Your task: In the records below, the lines from the one with "rewrite (eq_bigr (fun c : 'I_n =>" through the last are to be printed exactly, and nothing else.

Recorded data:
****************
Lemma shift_mxE x (t : 'I_n) :
  (x *m shift_mx) 0 t = (2 <= t)%N%:R * x 0 (inord t.-1).
Proof.
rewrite mxE (eq_bigr (fun c : 'I_n =>
  (c == t.-1 :> nat)%:R * ((2 <= t)%N%:R * x 0 (inord c)))); last first.
  move=> c _; rewrite mxE inord_val.
  by case: t => [[|[|t]] ht] /=; rewrite ?andbF ?andbT /=; ring.
rewrite (big_ord_indicator _ _ (fun c => (2 <= t)%N%:R * x 0 (inord c))).
case: t => [[|[|t]] ht] //=; rewrite ?mul0r ?mulr0 //.
by rewrite (ltn_trans _ ht) // mul1r.
Qed.

Lemma sum_shift_row (F : nat -> K) (a : nat) :
  \sum_(c < n) ((a.+1 == c :> nat) && (2 <= c)%N)%:R * F c
   = ((1 <= a) && (a.+1 < n))%N%:R * F a.+1.
Proof.
rewrite (eq_bigr (fun c : 'I_n =>
  (c == a.+1 :> nat)%:R * ((1 <= a)%N%:R * F c))); last first.
  move=> c _; rewrite eq_sym; case: eqP => [->|_] /=; last by rewrite !mul0r.
  by rewrite ltnS; case: (1 <= a)%N; rewrite /=; ring.
rewrite (big_ord_indicator _ _ (fun c => (1 <= a)%N%:R * F c)).
by case: (1 <= a)%N; case: (a.+1 < n)%N; rewrite /=; ring.
Qed.

Lemma e_lastE (t : 'I_n) : e_last 0 t = (t == n.-1 :> nat)%:R.
Proof. by rewrite mxE. Qed.

Lemma e_last_lt (b : 'I_n) : (b < n.-1)%N -> e_last 0 b = 0.
Proof. by move=> hb; rewrite e_lastE (ltn_eqF hb). Qed.

Lemma e_last_shift : e_last *m shift_mx = 0.
Proof.
apply/rowP => t; rewrite shift_mxE e_lastE inord_pred !mxE.
case: t => [[|[|t]] ht] //=; rewrite ?mul0r //.
by rewrite eqSS (_ : t == p.+1 = false) ?mulr0 //; lia.
Qed.

Lemma shift_mx00 x : (x *m shift_mx) 0 0 = 0.
Proof. by rewrite shift_mxE mul0r. Qed.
****************
Answer below:
rewrite (eq_bigr (fun c : 'I_n =>
  (c == a.+1 :> nat)%:R * ((1 <= a)%N%:R * F c))); last first.
  move=> c _; rewrite eq_sym; case: eqP => [->|_] /=; last by rewrite !mul0r.
  by rewrite ltnS; case: (1 <= a)%N; rewrite /=; ring.
rewrite (big_ord_indicator _ _ (fun c => (1 <= a)%N%:R * F c)).
by case: (1 <= a)%N; case: (a.+1 < n)%N; rewrite /=; ring.
Qed.

Lemma e_lastE (t : 'I_n) : e_last 0 t = (t == n.-1 :> nat)%:R.
Proof. by rewrite mxE. Qed.

Lemma e_last_lt (b : 'I_n) : (b < n.-1)%N -> e_last 0 b = 0.
Proof. by move=> hb; rewrite e_lastE (ltn_eqF hb). Qed.

Lemma e_last_shift : e_last *m shift_mx = 0.
Proof.
apply/rowP => t; rewrite shift_mxE e_lastE inord_pred !mxE.
case: t => [[|[|t]] ht] //=; rewrite ?mul0r //.
by rewrite eqSS (_ : t == p.+1 = false) ?mulr0 //; lia.
Qed.

Lemma shift_mx00 x : (x *m shift_mx) 0 0 = 0.
Proof. by rewrite shift_mxE mul0r. Qed.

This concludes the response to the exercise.